The High Uptown Historic District, in Columbus, Georgia, is a  historic district which was listed on the National Register of Historic Places in 2004.  The listing included 39 contributing buildings and 18 non-contributing ones.

The district is roughly bounded by 2nd and 3rd Avenues between Railroad and 13th Streets.

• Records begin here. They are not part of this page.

(* Let $\mathcal{K}_1$ be an $\mathcal{ALCP}$ knowledge base over $(\mathcal{L}^1,N_C^1,N_R^1)$ and $\mathcal{K}_2$ one over $(\mathcal{L}^2,N_C^2,N_R^2)$, both ME-consistent. If $\mathcal{K}_1=\mathcal{K}_2$, $\mathcal{L}^1\subseteq\mathcal{L}^2$, $N_C^1\subseteq N_C^2$ and $N_R^1\subseteq N_R^2$, then for all concepts $C,D$ built over $N_C^1,N_R^1$ and all contexts $\kappa\in\mathcal{L}^1$, $\mathcal{B}_{\mathcal{K}_1}(C\sqsubseteq D\mid\kappa)=\mathcal{B}_{\mathcal{K}_2}(C\sqsubseteq D\mid\kappa)$, where each belief interval is computed with respect to the respective language.
   Context: For a propositional language $\mathcal{L}$ over a finite set $\mathrm{sig}(\mathcal{L})$ of variables, $\mathrm{Int}(\mathcal{L})$ is the set of truth assignments; $\mathcal{L}^1\subseteq\mathcal{L}^2$ means $\mathrm{sig}(\mathcal{L}^1)\subseteq\mathrm{sig}(\mathcal{L}^2)$. A probability distribution over $\mathcal{L}$ is $P:\mathrm{Int}(\mathcal{L})\to[0,1]$ summing to $1$, with $P(\phi)=\sum_{v\models\phi}P(v)$. A probabilistic constraint is $c_0+\sum_{i=1}^k c_i\,\mathsf{p}(\phi_i)\ge 0$ ($c_i\in\mathbb{R}$, $\phi_i\in\mathcal{L}$), satisfied by $P$ iff $c_0+\sum_ic_iP(\phi_i)\ge0$; $\mathrm{Mod}(\mathcal{R})$ is the set of distributions over $\mathcal{L}$ satisfying all constraints in $\mathcal{R}$; for consistent $\mathcal{R}$, $P^{ME}_{\mathcal{R}}$ is the unique maximizer in $\mathrm{Mod}(\mathcal{R})$ of $H(P)=-\sum_vP(v)\log P(v)$. Concepts over concept names $N_C$ and role names $N_R$: $C::=A\mid\neg C\mid C\sqcap C\mid\exists r.C$. An $\mathcal{L}$-GCI is $\langle C\sqsubseteq D:\kappa\rangle$, $\kappa\in\mathcal{L}$; an $\mathcal{L}$-TBox is a finite set of them; a KB over $(\mathcal{L},N_C,N_R)$ is $\mathcal{K}=(\mathcal{R},\mathcal{T})$ with constraints over $\mathcal{L}$ and GCIs using these symbols. A possible world $\mathcal{I}=(\Delta^{\mathcal{I}},\cdot^{\mathcal{I}},v^{\mathcal{I}})$ is a classical $\mathcal{ALC}$ interpretation of $N_C,N_R$ together with $v^{\mathcal{I}}\in\mathrm{Int}(\mathcal{L})$; it models $\langle C\sqsubseteq D:\kappa\rangle$ iff $v^{\mathcal{I}}\not\models\kappa$ or $C^{\mathcal{I}}\subseteq D^{\mathcal{I}}$. An $\mathcal{ALCP}$-interpretation $\mathcal{P}=(\mathfrak{I},P_{\mathfrak{I}})$ is a nonempty finite set of possible worlds with a probability distribution on it; $P^{\mathcal{P}}(v)=\sum_{\mathcal{I}\in\mathfrak{I},v^{\mathcal{I}}=v}P_{\mathfrak{I}}(\mathcal{I})$. $\mathcal{P}$ is an ME-$\mathcal{ALCP}$-model of $\mathcal{K}$ iff all its worlds model every GCI of $\mathcal{T}$ and $P^{\mathcal{P}}=P^{ME}_{\mathcal{R}}$; $\mathrm{Mod}_{ME}(\mathcal{K})$ is the set of these; $\mathcal{K}$ is ME-consistent iff it is nonempty. $\Pr_{\mathcal{P}}(C\sqsubseteq D\mid\kappa)=\big(\sum_{\mathcal{I}\in\mathfrak{I},v^{\mathcal{I}}\models\kappa,C^{\mathcal{I}}\subseteq D^{\mathcal{I}}}P_{\mathfrak{I}}(\mathcal{I})\big)/\big(\sum_{\mathcal{I}\in\mathfrak{I},v^{\mathcal{I}}\models\kappa}P_{\mathfrak{I}}(\mathcal{I})\big)$. The belief interval $\mathcal{B}_{\mathcal{K}}(C\sqsubseteq D\mid\kappa)=[\mathcal{B}^{s}_{\mathcal{K}},\mathcal{B}^{c}_{\mathcal{K}}]$ has as endpoints the infimum and supremum of $\Pr_{\mathcal{P}}(C\sqsubseteq D\mid\kappa)$ over $\mathcal{P}\in\mathrm{Mod}_{ME}(\mathcal{K})$. *)

From HB Require Import structures.
From mathcomp Require Import all_boot all_order all_algebra.
From mathcomp Require Import finmap.
From Stdlib Require List.
From mathcomp Require Import all_classical all_reals all_analysis.
Definition is_VOA (V : lmodType Cc) (Y : V -> int -> V -> V) (vac om : V) (c : Cc) : Prop :=
  let L := fun (n : int) => Y om (n + 1) in
  modes_bilinear Y /\ truncation Y /\
      (forall n (v : V), Y vac n v = if n == -1 then v else 0) /\
      ((forall (v : V) (n : int), 0 <= n -> Y v n vac = 0) /\ (forall v, Y v (-1) vac = v)) /\
      borcherds Y Y /\
      (forall (m n : int) (v : V),
          L m (L n v) - L n (L m v) =
          (m - n)%:~R *: L (m + n) v
          + (if m + n == 0 then (((m ^+ 3 - m)%:~R / 12%:R) * c) *: v else 0)) /\
      (forall (v : V) (n : int), Y (L (-1) v) n = fun w => (- n%:~R) *: Y v (n - 1) w) /\
      (* grading: V = (+)_{n in Z} V_(n), V_(n) = {v | L(0) v = n v},
         dim V_(n) < oo, V_(n) = 0 for n sufficiently negative *)
      [/\ (forall v : V, exists s : seq (int * V),
             (forall p, p \in s -> L 0 p.2 = p.1%:~R *: p.2) /\ v = \sum_(p <- s) p.2),
          (forall n : int, exists s : seq V, forall v, L 0 v = n%:~R *: v ->
             exists a : 'I_(size s) -> Cc, v = \sum_(i < size s) a i *: s`_i)
        & (exists N : int, forall n : int, n < N -> forall v, L 0 v = n%:~R *: v -> v = 0)].

Record VOA := MkVOA {
  vspace : lmodType Cc;
  vY : vspace -> int -> vspace -> vspace;
  vvac : vspace;
  vomega : vspace;
  vcc : Cc;
  vax : is_VOA vY vvac vomega vcc }.

Definition is_weak_module (V : VOA) (W : lmodType Cc) (Y : vspace V -> int -> W -> W) : Prop :=
  [/\ modes_bilinear Y, truncation Y,
      (forall n (w : W), Y (vvac V) n w = if n == -1 then w else 0)
    & borcherds (@vY V) Y].

Record wmod (V : VOA) := MkWmod {
  wcar : lmodType Cc;
  wY : vspace V -> int -> wcar -> wcar;
  wax : is_weak_module wY }.

Section Modules.
Variable V : VOA.

Definition is_hom (M N : wmod V) (f : wcar M -> wcar N) : Prop :=
  (forall (a : Cc) x y, f (a *: x + y) = a *: f x + f y) /\
  (forall u n x, f (wY u n x) = wY u n (f x)).

Definition submodule (M : wmod V) (S : wcar M -> Prop) : Prop :=
  [/\ S 0, (forall (a : Cc) x y, S x -> S y -> S (a *: x + y))
    & (forall u n x, S x -> S (wY u n x))].

Definition L0 (M : wmod V) : wcar M -> wcar M := wY (vomega V) 1.

Definition gen_eigen (M : wmod V) (h : Cc) (w : wcar M) : Prop :=
  exists k : nat, shiftpow (@L0 M) h k w = 0.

The district included 24 properties already listed on the National Register, including:
Peabody-Warner House, NRHP-listed in 1970
Lion House, NRHP-listed in 1972; 
Rankin House (c.1860), NRHP-listed in 1972; 
Illges House (c.1850), NRHP-listed in June 1973; 
Bullard-Hart House, NRHP-listed in July 1977; 
House at 1628 3rd Avenue, (reported to be NRHP-listed in April 1979 but no longer or not ever NRHP-listed, has listing code "DR")

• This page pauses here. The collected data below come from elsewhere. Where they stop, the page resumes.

Lemma RS_left_trunc_end : RS_left_trunc f V q M d = RS_left f V q M.
Proof.
  apply sumN_ext. intros j Hj.
  assert (q j <= d) by (rewrite <- HqM; apply Hq; lia).
  assert (q (S j) <= d) by (rewrite <- HqM; apply Hq; lia).
  unfold Rmin; repeat destruct Rle_dec; try lra.
Qed.

End RiemannStieltjesComparison.

Lemma RS_right_le_left f V p N q M a b :
  increasing_pos V -> decreasing_pos f -> nonneg_pos f -> 0 < a ->
  p O = a -> p N = b -> increasing_upto p N -> q O = a -> q M = b -> increasing_upto q M ->
  RS_right f V p N <= RS_left f V q M.
Proof.
  intros HV Hf Hfp Ha Hp0 HpN Hp Hq0 HqM Hq.
  rewrite <- (RS_left_trunc_end f V q M b), <- HpN by auto.
  apply (RS_right_le_left_trunc f V q M a b); auto. lra.
Qed.

Lemma RS_left_le_right f V x N K h :
  increasing_pos V -> 0 < x O -> increasing_upto x N ->
  (forall k, (k < N)%nat -> x (S k) = x k + h) ->
  (forall z, 0 < z -> f z - f (z + h) <= K * h) ->
  RS_left f V x N <= RS_right f V x N + K * h * (V (x N) - V (x O)).
Proof.
  intros HV Hx0 Hx Hs Hf.
  rewrite <- (sumN_telescope (fun k => V (x k))), <- sumN_scal.
  unfold RS_left, RS_right. rewrite <- sumN_plus. apply sumN_le. intros k Hk.
  assert (x O <= x k) by (apply Hx; lia).
  assert (x k <= x (S k)) by (apply Hx; lia).
  assert (V (x k) <= V (x (S k))) by (apply HV; lra).
  rewrite Hs in * by auto. pose proof (Hf (x k) ltac:(lra)). nra.
Qed.
(* Since V is simple and generated by a highest weight vector, every vector of
   V is killed by d_n and I_n for n >> 0.  Call a vector g of the tensor
   product "eventually in M" when g (x) x^n lies in M for all n >> 0.  Every
   element of M is eventually in M, because for n >> 0 the operator I_n acts
   on it as multiplication by F x^n.  The components of an element of M are
   killed by d_m, I_m for m >> 0, so d_m and I_m act on eventually-in-M
   elements through the A-factor alone; comparing such actions shows that the
   eventually-in-M elements are stable under the componentwise action of L and
   under multiplication of the k-th component by k.  The latter lets us kill
   all but one component k0 of a nonzero element of M; the vectors v with
   v (x) x^k0 eventually in M then form a nonzero submodule of V, hence
   contain the highest weight vector w. *)

Section LinearMaps.
Variables (K : fieldType) (V : lmodType K) (f : V -> V).
Hypothesis linf : lin f.

Lemma lin0 : f 0 = 0.
Proof.
have := linf 1 0 0; rewrite !scale1r addr0 => E.
by apply: (addrI (f 0)); rewrite addr0 -E.
Qed.

Lemma linD u v : f (u + v) = f u + f v.
Proof. by have := linf 1 u v; rewrite !scale1r. Qed.

Lemma linZ c u : f (c *: u) = c *: f u.
Proof. by have := linf c u 0; rewrite addr0 lin0 addr0. Qed.

End LinearMaps.

Definition prod_sub (K : idomainType) (t : seq int) (k : int) : K :=
  \prod_(j <- t) (k - j)%:~R.

Lemma prod_sub_eq0 {K : idomainType} (t : seq int) k :
  k \in t -> prod_sub K t k = 0.
Proof. by move=> kt; rewrite /prod_sub (big_rem k kt) /= subrr mul0r. Qed.

Lemma prod_sub_neq0 {K : numDomainType} (t : seq int) k :
  k \notin t -> prod_sub K t k != 0.
Proof.
move=> kt; rewrite prodf_seq_neq0; apply/allP => j jt /=.
by rewrite intr_eq0 subr_eq0; apply: contraNneq kt => ->.
Qed.

Lemma prod_sub_isolate (K : fieldType) (V : lmodType K) (f : int -> V) s k0 :
    (forall k, k \notin s -> f k = 0) ->
  let t := [seq j <- s | j != k0] in
  (fun k => prod_sub K t k *: f k) =1 pure (prod_sub K t k0 *: f k0) k0.
Proof.
move=> fs t k; rewrite /pure; case: eqP => [-> //|/eqP k_neq_k0].
have [ks|/fs->] := boolP (k \in s); last exact: scaler0.
by rewrite prod_sub_eq0 ?scale0r // mem_filter k_neq_k0.
Qed.

Section HeisenbergVirasoroModule.
Variables (K : fieldType) (V : lmodType K) (dd II : int -> V -> V).
Variables (z1 z2 z3 : V -> V).
Hypothesis HL : is_Lmod dd II z1 z2 z3.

Building at 1400 3rd Avenue, NRHP-listed in September 1980,
Building at 1617 3rd Avenue, NRHP-listed in September 1980, 
Building at 1619 3rd Avenue, NRHP-listed in September 1980,
Building at 1625 3rd Avenue (c.1889), Greek Revival cottage, NRHP-listed in September 1980,
Walter Cargill House, NRHP-listed in September 1980,
Garrett-Bullock House, NRHP-listed in September 1980,
John Paul Illges House, NRHP-listed in September 1980,
Methodist Tabernacle, NRHP-listed in September 1980,
George Phillips House, NRHP-listed in September 1980,
Sixteenth Street School, NRHP-listed in September 1980,
Ernest Woodruff House, NRHP-listed in September 1980,
Henry Lindsay Woodruff Second House, NRHP-listed in September 1980,  
Building at 1531 3rd Avenue, NRHP-listed in December 1980,
Building at 1519 3rd Avenue, NRHP-listed in December 1980,
William L. Cooke House, NRHP-listed in December 1980,
Elisha P. Dismukes House, NRHP-listed in December 1980,
Isaac Maund House, NRHP-listed in December 1980,
Henry Lindsay Woodruff House, NRHP-listed in December 1980.

The oldest buildings are the Illges House (c.1850) and the Rankin House (c.1860).